Origami modular or origami units is a papermaking technique that uses two or more sheets of paper to create larger and more complex structures than may be possible using one part origami technique. Each sheet of paper is folded into a module, or unit, and then the module is assembled into an integrated flat shape or three-dimensional structure by inserting a flap into a bag made by the folding process. This insertion creates a tension or friction that holds the model together.
Video Modular origami
Definitions and limitations
The modular origami can be classified as an origami multi-piece subset, since the restriction rules on one sheet of paper are abandoned. However, all other origami rules still apply, so the use of any other glue, yarn, or fasteners that are not part of a sheet of paper is generally unacceptable in modular origami.
Additional restrictions that distinguish modular origami from other multi-part origami forms use multiple identical copies of folded units, and connect them together in symmetrical or repetitive mode to complete the model. There is a common misconception that treats all multi-part origami as modular.
More than one type module can still be used. Usually this means using a separate connector unit hidden from view to hold parts of the joint construction. Other uses are generally not recommended.
Maps Modular origami
History
The first historical evidence for modular origami design comes from a Japanese book by Hayato Ohoka published in 1734 called Ranma Zushiki . It contains a print showing a group of traditional origami models, one of which is a modular cube. Cubes are depicted twice (from slightly different angles) and are identified in the accompanying text as tamatebako (treasure chest). Isao Honda World of Origami (published in 1965) seems to have the same model, in which it is called a "cubic box". The six modules required for this design were developed from traditional Japanese paper known as menko . Each module forms one face from a finished cube.
There are several other traditional Japanese modular designs, including folded folded paper balls known as kusudama , or medicine balls. This design is not integrated and is generally coupled together with threads. The term kusudama is sometimes, somewhat inaccurately, used to describe a three-dimensional modular origami structure that resembles a sphere.
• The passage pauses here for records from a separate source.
Lemma pow2_mul_sqrt_div l X : 0 < l -> 0 <= X -> (l * sqrt (X / l^2))^2 = X.
Proof.
  intros hl hX.
  assert (0 <= X / l^2) by (apply Rdiv_le_0_compat; [| apply pow2_gt_0]; lra).
  rewrite Rpow_mult_distr, pow2_sqrt by assumption; field; lra.
Qed.

Lemma mul_neg_between m p x : m < p -> (x - p) * (x - m) < 0 <-> m < x < p.
Proof.
  intro hmp; split.
  - intro h; destruct (Rlt_le_dec x p); [split; [nra | assumption] | nra].
  - intros [hm hp]; apply Rmult_neg_pos; lra.
Qed.

(* (l q_2)^2 = q_center + q_radius and, when positive, (l q_1)^2 = q_center - q_radius. *)
Definition q_center (t l : R) : R := l^2 + 5 * t * l - t^2 / 2.

Definition q_radius (t l : R) : R := t * (t + 4 * l) / 2 * sqrt (1 + 4 * l / t).

Section PaperThresholds.

Variables t l : R.
Hypothesis t_pos : 0 < t.
Hypothesis l_pos : 0 < l.

Let ratio_pos : 0 < 1 + 4 * l / t.
Proof. assert (0 < 4 * l / t) by (apply Rdiv_lt_0_compat; lra); lra. Qed.

Lemma q_radius_ge : t * (t + 4 * l) / 2 <= q_radius t l.
Proof.
  unfold q_radius; rewrite <- (Rmult_1_r (t * (t + 4 * l) / 2)) at 1.
  apply Rmult_le_compat_l; [nra |].
  rewrite <- sqrt_1 at 1; apply sqrt_le_1_alt.
  assert (0 < 4 * l / t) by (apply Rdiv_lt_0_compat; lra); lra.
Qed.

Lemma q_radius_sqr : q_radius t l ^ 2 = t * (t + 4 * l)^3 / 4.
Proof.
  unfold q_radius; rewrite Rpow_mult_distr, pow2_sqrt by lra; field; lra.
Qed.

Lemma q_center_sqr_sub : q_center t l ^ 2 - q_radius t l ^ 2 = l * (l - 2 * t)^3.
Proof. rewrite q_radius_sqr; unfold q_center; field. Qed.

Lemma l_sqr_lt_q_center_add : l^2 < q_center t l + q_radius t l.
Proof. pose proof q_radius_ge; unfold q_center; nra. Qed.

Lemma q_radius_div_sqr_l :
  / 2 * (t^2 / l^2) * Rpower (1 + 4 * l / t) (3 / 2) = q_radius t l / l^2.
Proof.
  rewrite Rpower_3_2 by exact ratio_pos; unfold q_radius; field; lra.
Qed.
There are also some modular designs in Chinese paper-making traditions, especially pagodas (from Maying Soong) and lotuses made from Joss paper.
But most traditional designs are single-piece and the possibilities attached to modular origami ideas were not explored further until the 1960s when the technique was recreated by Robert Neale in the US and later by Mitsunobu Sonobe in Japan. The 1970s saw a sudden period of interest and development in modular origami as a distinct field, leading to its current status in folding origami. One notable character is Steve Krimball, who finds potential in Sonobe's cube units and suggests that it can be used to create alternative polyhedral shapes, including 30-piece balls.
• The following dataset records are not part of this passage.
Lemma ord_le1_cases (u v w : 'I_m) : u <= 1 -> v <= 1 -> w <= 1 -> u != v -> w = u \/ w = v.
Proof.
move=> u_small v_small w_small; rewrite -val_eqE /= => ne_uv.
have [->|ne_wu] := eqVneq w u; [by left | right].
by apply: val_inj; move: ne_wu; rewrite -val_eqE /=; lia.
Qed.

Lemma even_perm_fixing_above1 p : (forall i : 'I_m, 1 < i -> p i = i) -> ~~ odd_perm p -> p = 1%g.
Proof.
move=> fix_p ev_p; apply/permP => a; rewrite perm1; apply/eqP/negPn/negP => move_a.
have small i : p i != i -> (i <= 1) && (p i <= 1).
  move=> move_i; apply/andP; split; rewrite leqNgt; apply: contra move_i.
    by move/fix_p->.
  by move/fix_p/perm_inj->.
have move_pa : p (p a) != p a by rewrite (inj_eq perm_inj).
have /andP[a_small pa_small] := small a move_a.
have ne_apa : a != p a by rewrite eq_sym.
have eq_p : p = tperm a (p a).
  apply/permP => i; case: tpermP => [-> // | -> | ne_ia ne_ipa].
    have /andP[_ ppa_small] := small _ move_pa.
    by case: (ord_le1_cases a_small pa_small ppa_small ne_apa) => // /eqP; rewrite (negbTE move_pa).
  apply/eqP/negPn/negP => /small /andP[i_small _].
  by case: (ord_le1_cases a_small pa_small i_small ne_apa).
by move: ev_p; rewrite eq_p odd_tperm ne_apa.
Qed.

Lemma signed_flipS s : signed s -> (forall i : 'I_m, (s (i, false)).1 = i) ->
  s = flipS (fun i => (s (i, false)).2).
Proof.
move=> /signedP s_neg abs_s; apply/permP => -[i b]; rewrite flipSE /flipfun /=.
have s_i : s (i, false) = (i, (s (i, false)).2) by rewrite -{2}(abs_s i) -surjective_pairing.
case: b; last by rewrite s_i; case: (s _).2.
by rewrite -[(i, true)]/(negpt (i, false)) s_neg s_i; case: (s _).2.
Qed.

Lemma Lfix1_flipS s : s \in Lfix 1 -> s = flipS (fun i => (s (i, false)).2).
Proof.
move=> L1s; move: (L1s); rewrite inE => /and3P[s_sgn /abs_evenP[p abs_p ev_p] _].
apply: signed_flipS => // i; rewrite -abs_p (even_perm_fixing_above1 _ ev_p) ?perm1 //.
by move=> j lt1j; rewrite abs_p (Lfix_fixed _ L1s).
Qed.

End SignedPermutations.

Arguments Lfix {m} k.
Arguments Lfix_group {m} k.

Section Generators.
Variable n : nat.
Implicit Types (i j k c : nat) (b : bool).

Lemma inord_eqE k (i : 'I_n.+1) : k <= n -> (inord k == i) = (k == i).
Proof. by move=> le_kn; rewrite -val_eqE /= inordK. Qed.

Lemma inord_neq k c : k <= n -> c <= n -> k != c -> (inord k : 'I_n.+1) != inord c.
Proof. by move=> le_kn le_cn; rewrite inord_eqE // inordK. Qed.

Lemma ag_liftS i : 0 < i ->
  ag n i = liftS (tperm (inord i) (inord i.+1) * tperm (inord 0) (inord 1)).
Proof. by case: i => // i _; rewrite /ag /bmul liftSM. Qed.

Lemma ag0_0 b : ag n 0 (inord 0, b) = (inord 0, ~~ b).
Proof. by rewrite /ag /s0 flipSE /flipfun /= inordK. Qed.

Lemma ag_up i b : 0 < i < n -> ag n i (inord i, b) = (inord i.+1, b).
Proof.
case/andP => i_pos lt_in; rewrite ag_liftS // liftSE permM tpermL tpermD //.
  by rewrite inord_neq //; lia.
by rewrite inord_neq //; lia.
Qed.

Lemma ag_down i b : 1 < i < n -> ag n i (inord i.+1, b) = (inord i, b).
Proof.
case/andP => lt1i lt_in; rewrite ag_liftS 1?ltnW // liftSE permM tpermR tpermD //.
  by rewrite inord_neq //; lia.
by rewrite inord_neq //; lia.
Qed.

Lemma ag1_2 b : ag n 1 (inord 2, b) = (inord 0, b).
Proof. by rewrite ag_liftS // liftSE permM !tpermR. Qed.

Lemma ag1_0 b : 1 < n -> ag n 1 (inord 0, b) = (inord 1, b).
Proof.
move=> lt1n; rewrite ag_liftS // liftSE /= permM [tperm (inord 1) _ _]tpermD ?tpermL //.
  by rewrite inord_neq //; lia.
by rewrite inord_neq //; lia.
Qed.

Lemma ag_in_Lfix i j : i <= j -> j < n -> ag n i \in Lfix j.+1.
Proof.
move=> le_ij lt_jn; apply: (@Lfix_mono _ i.+1) => //.
have {le_ij lt_jn} lt_in : i < n by apply: leq_ltn_trans lt_jn.
case: i lt_in => [_ | i lt_in]; first by apply: flipS_in_Lfix => -[[|k] ?].
rewrite ag_liftS //; apply: liftS_in_Lfix => [|k lt_ik].
  by rewrite odd_permM !odd_tperm !inord_neq //; lia.
by rewrite permM !tpermD // inord_eqE //= ?(leq_trans (ltnW lt_in)) ?ltn_eqF; lia.
Qed.

Lemma adec_nil j : adec n j.+1 j = 1%g.
Proof. by rewrite /adec subnn. Qed.

Lemma adecS k j : k <= j.+1 -> adec n k j.+1 = bmul (ag n j.+1) (adec n k j).
Proof. by move=> le_kj; rewrite /adec (subSn le_kj) -[(_ - k).+1]addn1 iotaD rev_cat /= subnKC. Qed.

Lemma aincS k : ainc n k.+1 = bmul (ainc n k) (ag n k.+1).
Proof. by rewrite /ainc -[k.+1]addn1 iotaD cats1 map_rcons bprod_rcons add1n addn1. Qed.

Lemma adec_up k j b : 0 < k <= j.+1 -> j < n -> adec n k j (inord k, b) = (inord j.+1, b).
Proof.
case/andP=> k_pos; elim: j => [|j IH] le_kj lt_jn.
  have -> : k = 1 by lia.
  by rewrite adec_nil perm1.
move: le_kj; rewrite leq_eqVlt => /orP[/eqP-> | lt_kj]; first by rewrite adec_nil perm1.
by rewrite adecS // bmulE IH ?ag_up //; lia.
Qed.

Lemma ainc_down k b : 0 < k < n -> ainc n k (inord k.+1, b) = (inord 0, b).
Proof.
elim: k => [|[|k] IH] // lt_kn; first by rewrite /ainc /= bmulE perm1 ag1_2.
by rewrite aincS bmulE ag_down ?IH //; lia.
Qed.

End Generators.

Section Transversals.
Variable n : nat.
Implicit Types (i j k : nat) (b : bool) (p : pt n.+1) (r s : {perm pt n.+1}).

Lemma bprod_ag_in_Lfix j (l : seq nat) : j < n -> all (leq^~ j) l ->
  bprod [seq ag n i | i <- l] \in Lfix j.+1.
Proof.
move=> lt_jn /allP small_l; apply: group_bprod => _ /mapP[i /small_l le_ij ->].
exact: ag_in_Lfix.
Qed.

Lemma Lfix_stab k : k < n ->
  @Lfix n.+1 k =i [pred s in Lfix k.+1 | s (inord k.+1, false) == (inord k.+1, false)].
Proof.
move=> lt_kn s; rewrite !inE.
have -> : fixes_above k s = fixes_above k.+1 s && (s (inord k.+1, false) == (inord k.+1, false)).
  apply/fixes_aboveP/andP => [fix_s | [/fixes_aboveP fix_s /eqP fix_k1] i].
    split; first by apply/fixes_aboveP => i /ltnW /fix_s.
    by apply/eqP/fix_s; rewrite inordK.
  rewrite leq_eqVlt => /orP[/eqP eq_i | /fix_s //].
  by have -> : i = inord k.+1 by apply: val_inj; rewrite /= inordK.
by case: (signed s); case: (abs_even s).
Qed.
Since then, modular origami techniques have been popularized and widely developed, and there are now thousands of designs developed in this repertoire.
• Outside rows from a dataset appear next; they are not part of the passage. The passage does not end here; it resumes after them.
(* Let $K\ge 2$, let $\Delta^K\subset\mathbb{R}^K$ be the probability simplex, and identify outcomes $Y$ with one-hot vectors in $\mathbb{R}^K$. Let $\mu_t\in\Delta^K$, $\mu_t^*\in\Delta^K$, $c_t\in\mathbb{R}_+^K$ with $\mu_t+c_t\in[0,1]^K$ and $\mu_t-c_t\in[0,1]^K$. Let $a_t$ be an action and $l_t$ a loss; write $l\in\mathbb{R}^K$ for the vector $l_i=l_t(a_t,Y=i)$. Define $$L_t^{\max}=\max_{\tilde\mu\in\Delta^K,\ \tilde\mu\in[\mu_t-c_t,\mu_t+c_t]}\mathbb{E}_{Y\sim\tilde\mu}[l_t(a_t,Y)],\qquad L_t^*=\mathbb{E}_{Y\sim\mu_t^*}[l_t(a_t,Y)],$$ (where $\tilde\mu\in[\mu_t-c_t,\mu_t+c_t]$ is coordinatewise), and for $g_t\in\mathbb{R}^K$, $$L_t^{\mathrm{pay}}=L_t^*+\mathbb{E}_{Y\sim\mu_t^*}\big[\langle g_t,\mu_t-Y\rangle+\langle|g_t|,c_t\rangle\big],$$ with $|g_t|$ taken coordinatewise. Let $\gamma^*\in\mathbb{R}$ attain $\inf_{\gamma\in\mathbb{R}}\langle c_t,|l-\gamma\mathbf{1}|\rangle$. If $g_t=l-\gamma^*\mathbf{1}$, then $L_t^{\mathrm{pay}}=L_t^{\max}$.
   Context: $\mathbf{1}$ denotes the all-ones vector in $\mathbb{R}^K$ and $|v|$ for a vector $v$ denotes the coordinatewise absolute value. *)

From mathcomp Require Import all_boot all_order all_algebra.
Set Implicit Arguments. Unset Strict Implicit. Unset Printing Implicit Defensive.
Import Order.TTheory GRing.Theory Num.Theory.
Local Open Scope ring_scope.

Section Defs.
Variables (R : realFieldType) (K : nat).

Definition dotv (u v : 'I_K -> R) : R := \sum_(i < K) u i * v i.

Definition absv (v : 'I_K -> R) : 'I_K -> R := fun i => `|v i|.

Definition onehot (j : 'I_K) : 'I_K -> R := fun i => (i == j)%:R.

Definition in_simplex (m : 'I_K -> R) : Prop :=
  (forall i, 0 <= m i) /\ \sum_(i < K) m i = 1.

(* E_{Y ~ m}[f Y], Y identified with outcome index *)
Definition expect (m : 'I_K -> R) (f : 'I_K -> R) : R := \sum_(j < K) m j * f j.

Definition feasible (mu c mt : 'I_K -> R) : Prop :=
  in_simplex mt /\ (forall i, mu i - c i <= mt i <= mu i + c i).

Definition is_Lmax (mu c l : 'I_K -> R) (v : R) : Prop :=
  (exists2 mt, feasible mu c mt & v = expect mt l) /\
  (forall mt, feasible mu c mt -> expect mt l <= v).

Definition Lstar (mustar l : 'I_K -> R) : R := expect mustar l.

Definition Lpay (mu mustar c g l : 'I_K -> R) : R :=
  Lstar mustar l +
  expect mustar (fun j => dotv g (fun i => mu i - onehot j i) + dotv (absv g) c).
End Defs.

From mathcomp Require Import all_boot all_order all_algebra.
From mathcomp Require Import lra.
Set Implicit Arguments. Unset Strict Implicit. Unset Printing Implicit Defensive.
Import Order.TTheory GRing.Theory Num.Theory.
Local Open Scope ring_scope.

(* With [d = l - gamma*], any feasible [mt] satisfies
   [<mt, l> - <mu, l> = <mt - mu, d> <= <c, |d|>], because [mt - mu] sums to 0
   and is bounded by [c] coordinatewise; and [L^pay] simplifies to
   [<mu, l> + <c, |d|>].  The bound is attained by [mt = mu + c * tau] with
   [tau_i d_i = |d_i|], [|tau_i| <= 1] and [<c, tau> = 0].  Such a [tau] is
   [sg d] on the support of [d], completed by a common value on its zero set;
   the weights can be balanced because the one-sided derivatives of
   [gamma |-> <c, |l - gamma|>] at the minimiser [gamma*] are nonnegative, i.e.
   [|<c, sg d>| <= <c, [d == 0]>]. *)

Section Vectors.
Variables (R : realFieldType) (K : nat).
Implicit Types (u v m c d l : 'I_K -> R).

Lemma dotvC u v : dotv u v = dotv v u.
Proof. by apply: eq_bigr => i _; rewrite mulrC. Qed.

Lemma dotv_subr_cst m u (gamma : R) :
  dotv m (fun i => u i - gamma) = dotv m u - (\sum_(i < K) m i) * gamma.
Proof.
by rewrite /dotv mulr_suml -sumrB; apply: eq_bigr => i _; rewrite mulrBr.
Qed.

Lemma dotv_onehot v j : dotv v (onehot R j) = v j.
Proof.
rewrite /dotv (bigD1 j) //= /onehot eqxx mulr1 big1 ?addr0 // => i /negbTE ->.
by rewrite mulr0.
Qed.

Lemma LpayE mu mustar c g l : \sum_(i < K) mustar i = 1 ->
  Lpay mu mustar c g l =
    expect mustar l + dotv g mu - dotv mustar g + dotv (absv g) c.
Proof.
move=> mustar1; rewrite /Lpay /Lstar /expect.
have dotv_mu_onehot j :
    dotv g (fun i => mu i - onehot R j i) = dotv g mu - g j.
  by rewrite -dotv_onehot /dotv -sumrB; apply: eq_bigr => i _; rewrite mulrBr.
under [X in _ + X = _]eq_bigr do rewrite dotv_mu_onehot mulrDr mulrBr.
by rewrite big_split sumrB /= -!mulr_suml mustar1 !mul1r !addrA.
Qed.

Lemma Lpay_shift mu mustar c l (gamma : R) :
  \sum_(i < K) mu i = 1 -> \sum_(i < K) mustar i = 1 ->
  Lpay mu mustar c (fun i => l i - gamma) l =
    expect mu l + dotv c (absv (fun i => l i - gamma)).
Proof.
move=> mu1 mustar1; rewrite LpayE // dotvC dotv_subr_cst dotv_subr_cst.
rewrite mu1 mustar1 !mul1r [dotv (absv _) c]dotvC /expect /dotv; lra.
Qed.

Lemma expect_feasible_le mu c mt l (gamma : R) :
  \sum_(i < K) mu i = 1 -> feasible mu c mt ->
  expect mt l <= expect mu l + dotv c (absv (fun i => l i - gamma)).
Proof.
move=> mu1 [[_ mt1] box]; rewrite -lerBlDl.
have -> : expect mt l - expect mu l =
    dotv (fun i => mt i - mu i) (fun i => l i - gamma).
  rewrite dotv_subr_cst sumrB mt1 mu1 subrr mul0r subr0 /expect /dotv -sumrB.
  by apply: eq_bigr => i _; rewrite mulrBl.
apply: ler_sum => i _; apply: le_trans (ler_norm _) _.
by rewrite normrM /absv ler_wpM2r // ler_distl.
Qed.

Lemma feasible_perturb mu c tau :
  \sum_(i < K) mu i = 1 -> (forall i, 0 <= mu i - c i) ->
  (forall i, 0 <= c i) -> (forall i, `|tau i| <= 1) -> dotv c tau = 0 ->
  feasible mu c (fun i => mu i + c i * tau i).
Proof.
move=> mu1 mu_ge_c c_ge0 tau_le1 ctau0.
have tau_bounds i : -1 <= tau i <= 1 by rewrite -ler_norml.
split; first split.
- move=> i; have := mu_ge_c i; have := c_ge0 i.
  by have /andP[] := tau_bounds i; nra.
- by rewrite big_split /= mu1 -/(dotv c tau) ctau0 addr0.
- move=> i; have := c_ge0 i; have /andP[] := tau_bounds i.
  by move=> ? ? ?; apply/andP; split; nra.
Qed.

Lemma expect_perturb mu c tau l (gamma : R) :
  dotv c tau = 0 -> (forall i, tau i * (l i - gamma) = `|l i - gamma|) ->
  expect (fun i => mu i + c i * tau i) l =
    expect mu l + dotv c (absv (fun i => l i - gamma)).
Proof.
move=> ctau0 taul; rewrite /expect /dotv.
under eq_bigr do rewrite mulrDl; rewrite big_split /=; congr (_ + _).
have shift := dotv_subr_cst (fun i => c i * tau i) l gamma.
rewrite /= -/(dotv c tau) ctau0 mul0r subr0 in shift.
rewrite -/(dotv (fun i => c i * tau i) l) -shift.
by apply: eq_bigr => i _; rewrite -mulrA taul.
Qed.

End Vectors.

Lemma norm_subr_sg (R : realDomainType) (x t : R) :
  (x != 0 -> `|t| <= `|x|) ->
  `|x - t| = `|x| - t * Num.sg x + `|t| * (x == 0)%:R.
Proof.
move=> small; case: (ltrgtP x 0) => [x_lt0|x_gt0|->].
- have := small (ltr0_neq0 x_lt0); rewrite ltr0_sg // (ltr0_norm x_lt0).
  rewrite mulr0 addr0 ler_norml => /andP[xt _].
  rewrite ler0_norm; lra.
- have := small (lt0r_neq0 x_gt0); rewrite gtr0_sg // (gtr0_norm x_gt0).
  rewrite mulr0 addr0 ler_norml => /andP[_ tx].
  rewrite ger0_norm; lra.
- by rewrite sgr0 normr0 sub0r normrN mulr0 subr0 mulr1 add0r.
Qed.

Lemma exists_norm_lbound (R : realDomainType) (I : finType) (d : I -> R) :
  exists2 e : R, 0 < e & forall i, d i != 0 -> e <= `|d i|.
Proof.
exists (\big[Order.min/1]_(i | d i != 0) `|d i|).
- by apply/bigmin_gtP; split => // i; rewrite normr_gt0.
- by move=> i d_neq0; exact: bigmin_le_cond.
Qed.

Section Balance.
Variables (R : realFieldType) (K : nat).
Implicit Types (c d l : 'I_K -> R).

Lemma dotv_norm_shift c d (t : R) :
  (forall i, d i != 0 -> `|t| <= `|d i|) ->
  dotv c (absv (fun i => d i - t)) =
    dotv c (absv d) - t * dotv c (fun i => Num.sg (d i))
    + `|t| * dotv c (fun i => (d i == 0)%:R).
Proof.
move=> small; rewrite /dotv /absv !mulr_sumr -sumrB -big_split /=.
apply: eq_bigr => i _; rewrite norm_subr_sg; last exact: small.
by rewrite mulrDr mulrBr mulrCA [`|t| * _]mulrCA.
Qed.

Lemma minimizer_balance c l (gamma : R) :
  (forall gamma', dotv c (absv (fun i => l i - gamma)) <=
                  dotv c (absv (fun i => l i - gamma'))) ->
  `|dotv c (fun i => Num.sg (l i - gamma))| <=
    dotv c (fun i => (l i - gamma == 0)%:R).
Proof.
move=> opt; set d := fun i => l i - gamma in opt *.
have [e e_gt0 small] := exists_norm_lbound d.
have gain t : `|t| <= e ->
    0 <= - t * dotv c (fun i => Num.sg (d i))
         + `|t| * dotv c (fun i => (d i == 0)%:R).
  move=> te; have := opt (gamma + t).
  have -> : dotv c (absv (fun i => l i - (gamma + t))) =
             dotv c (absv (fun i => d i - t)).
    by apply: eq_bigr => i _; rewrite /absv /d opprD addrA.
  rewrite (@dotv_norm_shift c d t); first lra.
  by move=> i /small; apply: le_trans.
have := gain e; have := gain (- e).
rewrite normrN gtr0_norm // ler_norml; nra.
Qed.

Lemma balanced_sign_selection c d : (forall i, 0 <= c i) ->
  `|dotv c (fun i => Num.sg (d i))| <= dotv c (fun i => (d i == 0)%:R) ->
  exists tau : 'I_K -> R, [/\ forall i, `|tau i| <= 1, dotv c tau = 0
                            & forall i, tau i * d i = `|d i|].
Proof.
move=> c_ge0; set A := dotv c _; set Z := dotv c _ => bal.
have Z_ge0 : 0 <= Z by apply: sumr_ge0 => i _; rewrite mulr_ge0.
(* When [Z = 0], also [A = 0], and [s = 0] because [x / 0 = 0]. *)
set s := - A / Z.
have s_le1 : `|s| <= 1.
  have [Z0|Z_neq0] := eqVneq Z 0; first by rewrite /s Z0 invr0 mulr0 normr0.
  have Z_gt0 : 0 < Z by rewrite lt_def Z_neq0.
  by rewrite /s normrM normrN normfV (gtr0_norm Z_gt0) ler_pdivrMr // mul1r.
exists (fun i => Num.sg (d i) + s * (d i == 0)%:R); split.
- move=> i; have [->|d_neq0] := eqVneq (d i) 0.
    by rewrite sgr0 add0r mulr1.
  by rewrite mulr0 addr0 normr_sg d_neq0.
- have -> : dotv c (fun i => Num.sg (d i) + s * (d i == 0)%:R) = A + s * Z.
    rewrite /A /Z /dotv mulr_sumr -big_split.
    by apply: eq_bigr => i _; rewrite mulrDr mulrCA.
  have [Z0|Z_neq0] := eqVneq Z 0.
    by move: bal; rewrite Z0 normr_le0 => /eqP ->; rewrite mulr0 addr0.
  by rewrite /s !mulNr divfK // addrN.
- move=> i; have [->|d_neq0] := eqVneq (d i) 0; first by rewrite !mulr0 normr0.
  by rewrite mulr0 addr0 normrEsg.
Qed.

End Balance.

Theorem proposition3 (R : realFieldType) (K : nat) (hK : (2 <= K)%N)
  (mu mustar c : 'I_K -> R)
  (hmu : in_simplex mu) (hmustar : in_simplex mustar)
  (hc : forall i, 0 <= c i)
  (hplus : forall i, 0 <= mu i + c i <= 1)
  (hminus : forall i, 0 <= mu i - c i <= 1)
  (A : Type) (a : A) (loss : A -> 'I_K -> R)
  (gammastar : R)
  (hgamma : forall gamma : R,
     dotv c (absv (fun i => loss a i - gammastar)) <=
     dotv c (absv (fun i => loss a i - gamma)))
  (g : 'I_K -> R) (hg : g = (fun i => loss a i - gammastar)) :
  is_Lmax mu c (loss a) (Lpay mu mustar c g (loss a)).
Proof.
case: hmu => _ mu1; case: hmustar => _ mustar1; subst g.
rewrite Lpay_shift //.
have [tau [tau_le1 ctau0 tau_sign]] :=
  balanced_sign_selection hc (minimizer_balance hgamma).
split.
- exists (fun i => mu i + c i * tau i); last exact/esym/expect_perturb.
  by apply: feasible_perturb => // i; have /andP[] := hminus i.
- by move=> mt; apply: expect_feasible_le.
Qed.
The leading modular paper makers include Robert Neale, Sonobe, Tomoko Fuse, Kunihiko Kasahara, Tom Hull, Heinz Strobl and Ekaterina Lukasheva.
Type
Modular origami forms may be flat or three dimensional. Flat forms are usually polygons (sometimes known as coasters), stars, rotor, and rings. The three-dimensional form tends to be the usual polyhedra or tesselations of simple polyhedra.
Modular origami techniques can be used to create boxes that are not only beautiful but also useful as a container for rewards. Many examples of such boxes are displayed in the Exceptional Box Origami by Tomoko Fuse.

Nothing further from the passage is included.